From the records below, extract only the lines running from the line with "have o_fresh : fresh n S o." to the line with "by exists None; rewrite ?val_assign.", both lines included, reproducing them exactly.

(Collection entries)
• • • • • • •
Lemma state_val_cases n a t :
  [\/ exists2 o, a = slot_action t o & opt_goal n o && (0 < t <= 2 * n - 2),
      exists2 y, a = Noop (Visited y) & is_goal n y && (2 <= t) |
      forall S, state_val n S (a, t) = Some false].
Proof.
case E: (action_slot t a) => [o|].
  case: (boolP (opt_goal n o && (0 < t <= 2 * n - 2))) => [cond | ncond].
    by apply: Or31; exists o; first exact: action_slotK.
  by apply: Or33 => S; rewrite /state_val E (negPf ncond).
case: a E => [x y | [x | y]] E; try by apply: Or33 => S; rewrite /state_val E.
case: (boolP (is_goal n y && (2 <= t))) => [cond | ncond]; first by apply: Or32; exists y.
by apply: Or33 => S; rewrite /state_val E (negPf ncond).
Qed.

Section States.
Variables (n : nat) (S : state).

Lemma mem_free_slots j : (j \in free_slots n S) = (0 < j < n) && (S j == None).
Proof. by rewrite mem_filter mem_iota andbC; congr (_ && _); lia. Qed.

Lemma free_slots_uniq : uniq (free_slots n S).
Proof. exact/filter_uniq/iota_uniq. Qed.

Lemma size_free_slots : size (free_slots n S) <= n.-1.
Proof. by rewrite size_filter (leq_trans (count_size _ _)) ?size_iota. Qed.

Lemma goal_slot_some y j : goal_slot n S y = Some j -> S j = Some (Some y).
Proof.
rewrite /goal_slot; case E: filter => [|i s] //= [<-].
have : i \in [seq j <- iota 1 n.-1 | S j == Some (Some y)] by rewrite E mem_head.
by rewrite mem_filter => /andP [/eqP].
Qed.

Hypothesis S_wf : wf_state n S.

Lemma goal_slot_eq y j : S j = Some (Some y) -> goal_slot n S y = Some j.
Proof.
case: S_wf => range _ inj Sj; rewrite /goal_slot; case E: filter => [|i s] /=.
  have : j \in [seq j <- iota 1 n.-1 | S j == Some (Some y)].
    by have := range j; rewrite Sj => /(_ isT) jr; rewrite mem_filter Sj eqxx mem_iota; lia.
  by rewrite E.
by congr Some; apply: inj (Sj); apply: goal_slot_some; rewrite /goal_slot E.
Qed.

End States.

Section Assign.
Variables (n : nat) (S : state) (j : nat) (o : option node).
Hypotheses (S_wf : wf_state n S) (j_free : j \in free_slots n S) (o_fresh : fresh n S o).

Lemma free_slots_assign : free_slots n (assign S j o) = rem j (free_slots n S).
Proof.
rewrite rem_filter ?free_slots_uniq // /free_slots -filter_predI.
by apply: eq_filter => i /=; rewrite /assign; case: (eqVneq i j).
Qed.

Lemma wf_assign : wf_state n (assign S j o).
Proof.
move: j_free; rewrite mem_free_slots => /andP [j_range /eqP Sj].
have o_new k y : o = Some y -> S k != Some (Some y).
  move=> oy; move: o_fresh; rewrite oy => /andP [_ /negP unmatched].
  by apply/eqP => /(goal_slot_eq S_wf) Sk; apply: unmatched; rewrite /matched Sk.
case: S_wf => range goals inj; split.
- by move=> i; rewrite /assign; case: (eqVneq i j) => [-> | _]; [rewrite j_range | exact: range].
- move=> i o'; rewrite /assign; case: (eqVneq i j) => [_ [<-] | _]; last exact: goals.
  by move: o_fresh; case: (o) => [y /andP [] |].
- move=> i i' y; rewrite /assign.
  case: ifP => [/eqP -> | _]; case: ifP => [/eqP -> // | _].
  + by move=> [oy] Si'; move: (o_new i' _ oy); rewrite Si' eqxx.
  + by move=> Si [oy]; move: (o_new i _ oy); rewrite Si eqxx.
  + exact: inj.
Qed.

Lemma goal_slot_assign y :
  goal_slot n (assign S j o) y = if o == Some y then Some j else goal_slot n S y.
Proof.
case: eqP => [oy | o_ne]; first by apply: (goal_slot_eq wf_assign); rewrite /assign eqxx oy.
have /[!mem_free_slots] /andP [_ /eqP Sj] := j_free.
rewrite /goal_slot; congr ohead; apply: eq_filter => i; rewrite /assign.
by case: (eqVneq i j) => [-> | //]; rewrite Sj; apply/negbTE/eqP => -[].
Qed.

Lemma matched_assign y : matched n (assign S j o) y = (o == Some y) || matched n S y.
Proof. by rewrite /matched goal_slot_assign; case: ifP. Qed.

Lemma slot_val_assign i o' b :
  slot_val n S i o' = Some b -> slot_val n (assign S j o) i o' = Some b.
Proof.
have /[!mem_free_slots] /andP [_ /eqP Sj] := j_free.
rewrite /slot_val /assign; case: (eqVneq i j) => [-> | _]; last first.
  case: (S i) => //; case: o' => // y.
  by rewrite matched_assign; case: (matched n S y) => // [<-]; rewrite orbT.
rewrite Sj; case: o' => // y; case: ifP => // y_matched [<-]; congr Some.
move: o_fresh; case: (o) => // y' /andP [_ y'_new].
by apply: contraNF y'_new => /eqP [<-].
Qed.

Lemma visited_val_assign y t b : 1 < size (free_slots n S) ->
  visited_val n S y t = Some b -> visited_val n (assign S j o) y t = Some b.
Proof.
move=> free2; rewrite /visited_val goal_slot_assign free_slots_assign.
have all_rem P : all P (free_slots n S) -> all P (rem j (free_slots n S)).
  by move/allP=> P_all; apply/allP => i /mem_rem /P_all.
case: eqP => [oy | _].
  have -> : goal_slot n S y = None.
    by move: o_fresh; rewrite oy /= /matched negbK => /andP [_ /eqP].
  case: ifP => [/allP /(_ j j_free) jt [<-] | _]; first by rewrite leqNgt jt.
  by case: ifP => // /allP /(_ j j_free) jt [<-]; rewrite jt.
case: (goal_slot n S y) => // .
have [j' j'_in] : exists j', j' \in rem j (free_slots n S).
  case E: rem => [|j' s]; last by exists j'; rewrite mem_head.
  by move: (size_rem j_free); rewrite E /=; lia.
case: ifP => [/all_rem -> // | _].
case: ifP => // /all_rem all_le [<-].
rewrite all_le ifN //; apply/allPn; exists j' => //.
by rewrite -leqNgt; apply: (allP all_le).
Qed.

Lemma state_val_assign v b : 1 < size (free_slots n S) ->
  state_val n S v = Some b -> state_val n (assign S j o) v = Some b.
Proof.
case: v => a t free2.
case: (state_val_cases n a t) =>
  [[o' -> /andP [o'_goal t_range]] | [y -> /andP [y_goal t2]] | fls].
- by rewrite !state_val_slot //; apply: slot_val_assign.
- by rewrite !state_val_visit //; apply: visited_val_assign.
- by rewrite !fls.
Qed.

End Assign.

Lemma exists_unmatched n S : wf_state n S -> exists2 y, is_goal n y & ~~ matched n S y.
Proof.
move=> S_wf.
case: (boolP (all (matched n S) (goal_nodes n))) => [all_m | /allPn [y]]; last first.
  by rewrite mem_goal_nodes; exists y.
pose f y := odflt 0 (goal_slot n S y).
have f_slot y : y \in goal_nodes n -> S (f y) = Some (Some y).
  move=> y_in; move/allP: all_m => /(_ y y_in); rewrite /matched /f.
  by case E: (goal_slot n S y) => [k|] // _; exact: goal_slot_some E.
have f_uniq : uniq (map f (goal_nodes n)).
  rewrite map_inj_in_uniq ?goal_nodes_uniq // => y y' y_in y'_in fy.
  by move: (f_slot y y_in); rewrite fy f_slot // => -[].
have f_used : {subset map f (goal_nodes n) <= [seq k <- iota 1 n.-1 | S k != None]}.
  move=> _ /mapP [y /f_slot Sfy ->]; case: S_wf => range _ _.
  by have := range (f y); rewrite mem_filter mem_iota Sfy /= => /(_ isT); lia.
have := uniq_leq_size f_uniq f_used.
rewrite size_map size_goal_nodes size_filter => /leq_trans /(_ (count_size _ _)).
by rewrite size_iota ltnn.
Qed.

Lemma slot_val_split n S j o b : wf_state n S -> S j = None -> opt_goal n o ->
  slot_val n S j o = None -> exists2 o', fresh n S o' & slot_val n (assign S j o') j o = Some b.
Proof.
move=> S_wf Sj o_goal o_undet.
have val_assign o' : slot_val n (assign S j o') j o = Some (o == o').
  by rewrite /slot_val /assign eqxx.
have o_fresh : fresh n S o.
  by move: o_undet; rewrite /slot_val Sj; case: o o_goal {val_assign} => // y /= ->; case: matched.
case: b; first by exists o; rewrite ?val_assign ?eqxx.
case: o o_fresh val_assign {o_goal o_undet} => [y _ | _] val_assign.
  by exists None; rewrite ?val_assign.
have [g g_goal g_new] := exists_unmatched S_wf.
by exists (Some g); rewrite /= ?g_goal ?val_assign.
Qed.

Lemma visited_val_split n S y t b : wf_state n S -> is_goal n y ->
  visited_val n S y t = None ->
  fresh n S (Some y) /\
  exists2 j, j \in free_slots n S & visited_val n (assign S j (Some y)) y t = Some b.
Proof.
move=> S_wf y_goal; rewrite {1}/visited_val.
case E: (goal_slot n S y) => [k|] //.
case: ifP => // /negbT /allPn [j1 j1_free j1_t].
case: ifP => // /negbT /allPn [j2 j2_free j2_t] _.
have y_fresh : fresh n S (Some y) by rewrite /= y_goal /matched E.
have val_assign j : j \in free_slots n S ->
    visited_val n (assign S j (Some y)) y t = Some (j.*2 <= t).
  by move=> j_free; rewrite /visited_val (goal_slot_assign S_wf j_free y_fresh) eqxx.
split=> //; case: b; [exists j1 | exists j2]; rewrite ?val_assign //.
  by rewrite leqNgt j1_t.
by rewrite (negPf j2_t).
Qed.

Lemma state_val_split n S v b : wf_state n S -> state_val n S v = None ->
  exists j o, [/\ j \in free_slots n S, fresh n S o & state_val n (assign S j o) v = Some b].
Proof.
case: v => a t S_wf.
case: (state_val_cases n a t) => [[o -> /andP [o_goal t_range]] | [y -> /andP [y_goal t2]] | fls];
  last by rewrite fls.
  rewrite state_val_slot // => o_undet.
  have Sj : S (uphalf t) = None by move: o_undet; rewrite /slot_val; case: (S _).
  have [o' o'_fresh o'_val] := slot_val_split b S_wf Sj o_goal o_undet.
  exists (uphalf t), o'; rewrite state_val_slot // mem_free_slots Sj eqxx andbT; split=> //.
  lia.
rewrite state_val_visit // => y_undet.
have [y_fresh [j j_free y_val]] := visited_val_split b S_wf y_goal y_undet.
by exists j, (Some y); rewrite state_val_visit.
Qed.

(** * Every clause keeps an unfalsified literal *)

Definition unfalsified n S (l : (action * nat) * bool) := state_val n S l.1 != Some (~~ l.2).

Section Support.
Variables (n : nat) (S : state).
Hypotheses (n2 : 2 <= n) (S_wf : wf_state n S).

Lemma opt_goal_content j : opt_goal n (odflt None (S j)).
Proof. by case: S_wf => _ goals _; case E: (S j) => [o|] //; apply: goals E. Qed.

Lemma slot_val_content j : slot_val n S j (odflt None (S j)) != Some false.
Proof. by rewrite /slot_val; case: (S j) => [o|] //=; rewrite eqxx. Qed.

Lemma slot_val_true j o : slot_val n S j o = Some true -> S j = Some o.
Proof.
rewrite /slot_val; case: (S j) => [o' [/eqP -> //] |].
by case: o => // y; case: matched.
Qed.

Lemma goal_slot_range y j : goal_slot n S y = Some j -> 0 < j < n.
Proof. by case: S_wf => range _ _ /goal_slot_some Sj; apply: range; rewrite Sj. Qed.

Lemma state_val_true a t : state_val n S (a, t) = Some true ->
  (exists2 o, a = slot_action t o & [/\ S (uphalf t) = Some o, opt_goal n o & 0 < t <= 2 * n - 2])
  \/ (exists2 y, a = Noop (Visited y) &
        [/\ is_goal n y, 2 <= t & visited_val n S y t = Some true]).
Proof.
case: (state_val_cases n a t) => [[o -> /andP [o_goal t_range]] | [y -> /andP [y_goal t2]] | fls].
- by rewrite state_val_slot // => /slot_val_true So; left; exists o.
- by rewrite state_val_visit // => y_val; right; exists y.
- by rewrite fls.
Qed.

Lemma visited_val_last y : 0 < size (free_slots n S) ->
  visited_val n S y (2 * n - 2) = Some true.
Proof.
move=> free1; rewrite /visited_val.
case E: (goal_slot n S y) => [j|]; first by move/goal_slot_range: E => j_range; congr Some; lia.
have free_le : all (fun j => j.*2 <= 2 * n - 2) (free_slots n S).
  by apply/allP => j; rewrite mem_free_slots; lia.
rewrite free_le ifN //; case: (free_slots n S) free1 free_le => //= j s _ /andP [j_le _].
by rewrite ltnNge j_le.
Qed.

Lemma visited_val_early y t : 1 < size (free_slots n S) ->
  visited_val n S y t = Some true -> t <= 3 -> S 1 = Some (Some y).
Proof.
move=> free2; rewrite /visited_val.
case E: (goal_slot n S y) => [j|].
  move/goal_slot_range: (E) => j_range [j_t] t3.
  by rewrite -(goal_slot_some E); congr S; lia.
case: ifP => // _; case: ifP => // /allP free_le _ t3.
have : {subset free_slots n S <= [:: 1]}.
  by move=> j j_free; have := free_le j j_free; rewrite mem_free_slots in j_free; rewrite inE; lia.
by move/(uniq_leq_size (free_slots_uniq n S)) => /=; lia.
Qed.

Lemma visited_val_pred y t : visited_val n S y t = Some true ->
  (2 < t /\ visited_val n S y t.-1 = Some true) \/
  (odd t.-1 /\ slot_val n S (uphalf t.-1) (Some y) != Some false).
Proof.
rewrite {1}/visited_val; case E: (goal_slot n S y) => [j|].
  move/goal_slot_range: (E) => j_range [j_t]; have [t_2j | t_ne] := eqVneq t j.*2.
    right; split; first lia.
    by rewrite /slot_val (_ : uphalf t.-1 = j) ?(goal_slot_some E) ?eqxx //; lia.
  by left; split; [lia | rewrite /visited_val E; congr Some; lia].
case: ifP => // /negbT /allPn [j0 j0_free j0_t]; case: ifP => // /allP free_le _.
case: (boolP (has (fun j => j.*2 == t) (free_slots n S))) =>
  [/hasP [j j_free /eqP j_t] | /hasPn no_eq].
  right; move: j_free; rewrite mem_free_slots => /andP [j_range /eqP Sj]; split; first lia.
  by rewrite /slot_val (_ : uphalf t.-1 = j) ?Sj /matched ?E //; lia.
have free_lt : all (fun j => j.*2 <= t.-1) (free_slots n S).
  by apply/allP => j j_free; have := free_le j j_free; have := no_eq j j_free; lia.
have := free_le j0 j0_free; have := no_eq j0 j0_free; move: (j0_free).
rewrite mem_free_slots => /andP [j0_range _] j0_ne j0_le.
left; split; first lia.
by rewrite /visited_val E free_lt ifN //; apply/allPn; exists j0 => //; lia.
Qed.

Lemma achiever_lit p t a : a \in acts_at n t -> p \in map_add a ->
  state_val n S (a, t) != Some false ->
  has (unfalsified n S) [seq ((a', t), true) | a' <- acts_at n t & p \in map_add a'].
Proof.
move=> a_in p_add a_val; apply/hasP; exists ((a, t), true) => //.
by rewrite map_f // mem_filter p_add.
Qed.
• • • • • • •
RESULT:
have o_fresh : fresh n S o.
  by move: o_undet; rewrite /slot_val Sj; case: o o_goal {val_assign} => // y /= ->; case: matched.
case: b; first by exists o; rewrite ?val_assign ?eqxx.
case: o o_fresh val_assign {o_goal o_undet} => [y _ | _] val_assign.
  by exists None; rewrite ?val_assign.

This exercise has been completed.